··· THE RECORDS ···

(* Let $\Gamma$ be a finite connected $4$-valent graph of girth at least $5$ and let $g$ be an automorphism of $\Gamma$. Then $$2|F(\Gamma,g)|+4|V_1(\Gamma,g)|+3|V_2(\Gamma,g)|+|V_4(\Gamma,g)|\le|V\Gamma|.$$
   Context: For an automorphism $g$ of a $4$-valent graph $\Gamma$: $A(\Gamma,g)$ is the set of edges $\{a,b\}$ with $a^g=a$ and $b^g=b$; $F(\Gamma,g)$ is the set of edges $\{a,b\}$ with $a^g=b$ and $b^g=a$, $a\neq b$. $\Gamma[g]$ is the subgraph with edge set $A(\Gamma,g)$ and vertex set the vertices incident to edges of $A(\Gamma,g)$; its vertices have valency $1$, $2$ or $4$ in $\Gamma[g]$, and $V_i(\Gamma,g)$ is the set of vertices of $\Gamma[g]$ of valency $i$ in $\Gamma[g]$, for $i\in\{1,2,4\}$. *)

From mathcomp Require Import all_boot perm.
Set Implicit Arguments. Unset Strict Implicit. Unset Printing Implicit Defensive.

Section Graphs.
Variable T : finType.

Definition simple_graph (e : rel T) : Prop := symmetric e /\ irreflexive e.

Definition regular (e : rel T) (k : nat) : Prop :=
  forall v : T, #|[set w | e v w]| = k.

Definition connected (e : rel T) : Prop := forall x y : T, connect e x y.

Definition girth_ge (e : rel T) (n : nat) : Prop :=
  forall c : seq T, path.cycle e c -> uniq c -> 3 <= size c -> n <= size c.

Definition is_graph_aut (e : rel T) (g : {perm T}) : Prop :=
  forall x y : T, e (g x) (g y) = e x y.

Definition edges (e : rel T) : {set {set T}} :=
  [set [set a; b] | a in T, b in T & e a b].

Definition A_edges (e : rel T) (g : {perm T}) : {set {set T}} :=
  [set [set a; b] | a in T, b in T & [&& e a b, g a == a & g b == b]].

Definition F_edges (e : rel T) (g : {perm T}) : {set {set T}} :=
  [set [set a; b] | a in T, b in T & [&& e a b, a != b, g a == b & g b == a]].

Definition val_in_fix (e : rel T) (g : {perm T}) (v : T) : nat :=
  #|[set x in A_edges e g | v \in x]|.

(* V_i(Γ,g): vertices of Γ[g] (i.e. incident to an edge of A(Γ,g))
   of valency i in Γ[g]; for i >= 1 being of valency i implies being a vertex of Γ[g] *)
Definition V_i (e : rel T) (g : {perm T}) (i : nat) : {set T} :=
  [set v | (0 < val_in_fix e g v) && (val_in_fix e g v == i)].

End Graphs.

From mathcomp Require Import all_boot perm zify.
Set Implicit Arguments. Unset Strict Implicit. Unset Printing Implicit Defensive.

(* A charging argument: every vertex receives total charge at most 1.  A vertex
   of V_i is charged once itself and once at each of its at least 4 - i
   neighbours not fixed by g (4 - i >= 3 for i = 1, >= 2 for i = 2), and each
   edge of F charges its two ends.  A moved vertex u is charged at most once:
   two fixed neighbours v, w of u would close the 4-cycle v u w (g u), and if
   u lies on a flipped edge {u, g u}, a fixed neighbour v of u would close the
   triangle v u (g u); both are excluded by girth at least 5. *)

Lemma card_set_sum (I : finType) (P : pred I) :
  #|[set i | P i]| = \sum_i (P i : nat).
Proof. by rewrite -sum1dep_card big_mkcond; apply: eq_bigr => i _; case: (P i). Qed.

Lemma sum_mem_card (I : finType) (A : {set I}) : \sum_i (i \in A : nat) = #|A|.
Proof. by rewrite -card_set_sum cardsE. Qed.

Lemma double_count (I J : finType) (A : {set I}) (P : I -> J -> bool) :
  \sum_j #|[set i in A | P i j]| = \sum_(i in A) #|[set j | P i j]|.
Proof.
under eq_bigr do rewrite card_set_sum.
rewrite exchange_big [RHS]big_mkcond; apply: eq_bigr => i _ /=.
rewrite card_set_sum; case: (i \in A) => /=; last exact: big1.
by apply: eq_bigr.
Qed.

Lemma perm_moved (T : finType) (g : {perm T}) u : g u != u -> g (g u) != g u.
Proof. by apply: contraNneq => /perm_inj ->. Qed.

Section Charging.
Variables (T : finType) (e : rel T) (g : {perm T}).
Hypotheses (e_simple : simple_graph e) (e_reg : regular e 4).
Hypotheses (e_girth : girth_ge e 5) (g_aut : is_graph_aut e g).

Lemma edge_sym x y : e x y = e y x.
Proof. by case: e_simple => + _; apply. Qed.

Lemma edge_irr x : e x x = false.
Proof. by case: e_simple => _; apply. Qed.

Lemma no_triangle a b c : e a b -> e b c -> e c a -> uniq [:: a; b; c] -> False.
Proof.
move=> ab bc ca abc; have := @e_girth [:: a; b; c].
by rewrite /= ab bc ca => /(_ isT abc isT).
Qed.

Lemma no_square a b c d :
  e a b -> e b c -> e c d -> e d a -> uniq [:: a; b; c; d] -> False.
Proof.
move=> ab bc cd da abcd; have := @e_girth [:: a; b; c; d].
by rewrite /= ab bc cd da => /(_ isT abcd isT).
Qed.

Lemma fixed_nbr_img v u : g v = v -> e v u -> e v (g u).
Proof. by move=> gv vu; rewrite -gv g_aut. Qed.

Lemma fixed_neq_moved x y : g x = x -> g y != y -> x != y.
Proof. by move=> gx; apply: contraNneq => <-; rewrite gx. Qed.

Lemma fixed_nbr_moved_uniq u : g u != u -> #|[set v | (g v == v) && e v u]| <= 1.
Proof.
move=> gu; apply/card_le1_eqP => v w.
rewrite !inE => /andP[/eqP gv vu] /andP[/eqP gw wu].
apply/eqP/negPn/negP => wv; have ggu := perm_moved gu.
apply: (@no_square v u w (g u)) => //; first by rewrite edge_sym.
- by rewrite fixed_nbr_img // edge_sym.
- by rewrite edge_sym fixed_nbr_img // edge_sym.
rewrite /= !inE !negb_or (eq_sym v w) wv (eq_sym u w) (eq_sym u (g u)) gu.
by rewrite !(fixed_neq_moved gv) ?(fixed_neq_moved gw).
Qed.

Lemma flip_end_no_fixed_nbr u v : e u (g u) -> g u != u -> g v = v -> ~~ e v u.
Proof.
move=> ugu gu gv; apply/negP => vu.
apply: (@no_triangle v u (g u)) => //; first by rewrite edge_sym fixed_nbr_img // edge_sym.
by rewrite /= !inE negb_or !(fixed_neq_moved gv) ?perm_moved // eq_sym gu.
Qed.

Lemma V_iP i v : v \in V_i e g i -> [/\ g v = v, 0 < i & val_in_fix e g v = i].
Proof.
rewrite inE => /andP[vpos /eqP vi]; split; rewrite -?vi //.
move: vpos => /card_gt0P[x]; rewrite inE => /andP[/imset2P[a b _]].
by rewrite inE => /andP[_ /and3P[_ /eqP ga /eqP gb]] -> /set2P[]->.
Qed.

Lemma fixed_nbrs_le_val v :
  g v = v -> #|[set w | e v w & g w == w]| <= val_in_fix e g v.
Proof.
move=> gv; rewrite -(@card_in_imset _ _ (fun w => [set v; w])).
  apply: subset_leq_card; apply/subsetP => x /imsetP[w]; rewrite inE => /andP[vw gw] ->.
  by rewrite inE set21 andbT; apply/imset2P; exists v w; rewrite // inE vw gv eqxx gw.
move=> w1 w2; rewrite !inE => /andP[vw1 _] _ /setP/(_ w1).
rewrite !inE eqxx orbT => /esym/orP[/eqP w1v|/eqP//].
by rewrite w1v edge_irr in vw1.
Qed.

Definition moved_nbrs v := [set w | e v w & g w != w].

Lemma card_moved_nbrs i v : v \in V_i e g i -> 4 <= #|moved_nbrs v| + i.
Proof.
case/V_iP => gv _ vi; have := cardsID [set w | g w == w] [set w | e v w].
have -> : [set w | e v w] :&: [set w | g w == w] = [set w | e v w & g w == w].
  by apply/setP => w; rewrite !inE.
have -> : [set w | e v w] :\: [set w | g w == w] = moved_nbrs v.
  by apply/setP => w; rewrite !inE andbC.
by rewrite e_reg; have := fixed_nbrs_le_val gv; rewrite vi; lia.
Qed.

Lemma F_edgesP x u : x \in F_edges e g -> u \in x ->
  [/\ x = [set u; g u], e u (g u) & g u != u].
Proof.
move=> /imset2P[a b _]; rewrite inE => /andP[_ /and4P[ab anb /eqP ga /eqP gb]] ->.
by case/set2P=> ->; rewrite ?ga ?gb ?ab 1?setUC 1?edge_sym ?ab // eq_sym.
Qed.

Lemma card_F_edges_at u : #|[set x in F_edges e g | u \in x]| <= 1.
Proof.
apply/card_le1_eqP => x y; rewrite !inE => /andP[xF ux] /andP[yF uy].
by case: (F_edgesP xF ux) => -> _ _; case: (F_edgesP yF uy) => -> _ _.
Qed.

Lemma card_F_edge x : x \in F_edges e g -> #|x| = 2.
Proof.
by move=> /imset2P[a b _]; rewrite inE => /andP[_ /and4P[_ anb _ _]] ->; rewrite cards2 anb.
Qed.

Definition fixed_charge u :=
  (u \in V_i e g 1) + (u \in V_i e g 2) + (u \in V_i e g 4).
Definition nbr_charge u :=
  #|[set v in V_i e g 1 :|: V_i e g 2 | u \in moved_nbrs v]|.
Definition flip_charge u := #|[set x in F_edges e g | u \in x]|.

Lemma fixed_charge_le1 u : fixed_charge u <= 1.
Proof. by rewrite /fixed_charge !inE; case: (val_in_fix e g u) => [|[|[|[|[]]]]]. Qed.

Lemma charges_fixed u : g u = u -> nbr_charge u = 0 /\ flip_charge u = 0.
Proof.
move=> gu; split; apply/eqP; rewrite cards_eq0; apply/eqP/setP => x; rewrite !inE.
  by rewrite gu eqxx !andbF.
by apply/negP => /andP[xF /(F_edgesP xF)[_ _]]; rewrite gu eqxx.
Qed.

Lemma charges_moved u :
  g u != u -> fixed_charge u = 0 /\ nbr_charge u + flip_charge u <= 1.
Proof.
move=> gu; have notV i : (u \in V_i e g i) = false.
  by apply: contraNF gu => /V_iP[-> _ _].
split; first by rewrite /fixed_charge !notV.
have nbr_le : nbr_charge u <= #|[set v | (g v == v) && e v u]|.
  apply/subset_leq_card/subsetP => v; rewrite [in X in X -> _]inE => /andP[/setUP vV].
  by rewrite !inE => /andP[-> _]; rewrite andbT; case: vV => /V_iP[-> _ _].
have [F0|/card_gt0P[x]] := posnP (flip_charge u).
  by rewrite F0 addn0; apply: leq_trans nbr_le (fixed_nbr_moved_uniq gu).
rewrite inE => /andP[xF /(F_edgesP xF)[_ ugu _]].
suff -> : nbr_charge u = 0 by exact: card_F_edges_at.
apply/eqP; rewrite -leqn0; apply: leq_trans nbr_le _; rewrite leqn0 cards_eq0.
apply/eqP/setP => v; rewrite !inE.
by case: (boolP (g v == v)) => //= /eqP gv; apply/negbTE/flip_end_no_fixed_nbr.
Qed.

Lemma charge_le1 u : fixed_charge u + nbr_charge u + flip_charge u <= 1.
Proof.
have [/eqP gu|gu] := boolP (g u == u).
  by case: (charges_fixed gu) => -> ->; rewrite !addn0 fixed_charge_le1.
by case: (charges_moved gu) => -> le1; rewrite add0n.
Qed.

Lemma sum_nbr_charge :
  3 * #|V_i e g 1| + 2 * #|V_i e g 2| <= \sum_u nbr_charge u.
Proof.
rewrite /nbr_charge (double_count _ (fun v u => u \in moved_nbrs v)).
have disj12 : [disjoint V_i e g 1 & V_i e g 2].
  by apply/pred0P => v /=; rewrite !inE; case: val_in_fix => [|[|[]]].
rewrite (eq_bigl [predU V_i e g 1 & V_i e g 2]) => [|v]; last by rewrite !inE.
rewrite bigU //=; apply: leq_add; rewrite mulnC -sum_nat_const; apply: leq_sum => v.
all: by rewrite cardsE => /card_moved_nbrs; lia.
Qed.

Lemma sum_flip_charge : \sum_u flip_charge u = 2 * #|F_edges e g|.
Proof.
rewrite /flip_charge (double_count _ (fun (x : {set T}) u => u \in x)) mulnC -sum_nat_const.
by apply: eq_bigr => x /card_F_edge; rewrite cardsE.
Qed.

End Charging.

Theorem lemma4p3 (T : finType) (e : rel T) (g : {perm T}) :
  simple_graph e -> regular e 4 -> connected e -> girth_ge e 5 ->
  is_graph_aut e g ->
  2 * #|F_edges e g| + 4 * #|V_i e g 1| + 3 * #|V_i e g 2| + #|V_i e g 4|
    <= #|T|.
Proof.
move=> e_simple e_reg _ e_girth g_aut.
have total : \sum_u (fixed_charge e g u + nbr_charge e g u + flip_charge e g u) <= #|T|.
  by rewrite -sum1_card leq_sum // => u _; apply: charge_le1.
move: total; rewrite !big_split /= !sum_mem_card sum_flip_charge.
have := sum_nbr_charge g e_simple e_reg.
by move: (\sum_u _) #|V_i e g 1| #|V_i e g 2| #|V_i e g 4| #|F_edges e g|; lia.
Qed.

···

- WHAT IS BEING ASKED -
If a line in the records above contains the word "each", copy it.

- SOLUTION FOR THIS TASK -
   of V_i is charged once itself and once at each of its at least 4 - i
   neighbours not fixed by g (4 - i >= 3 for i = 1, >= 2 for i = 2), and each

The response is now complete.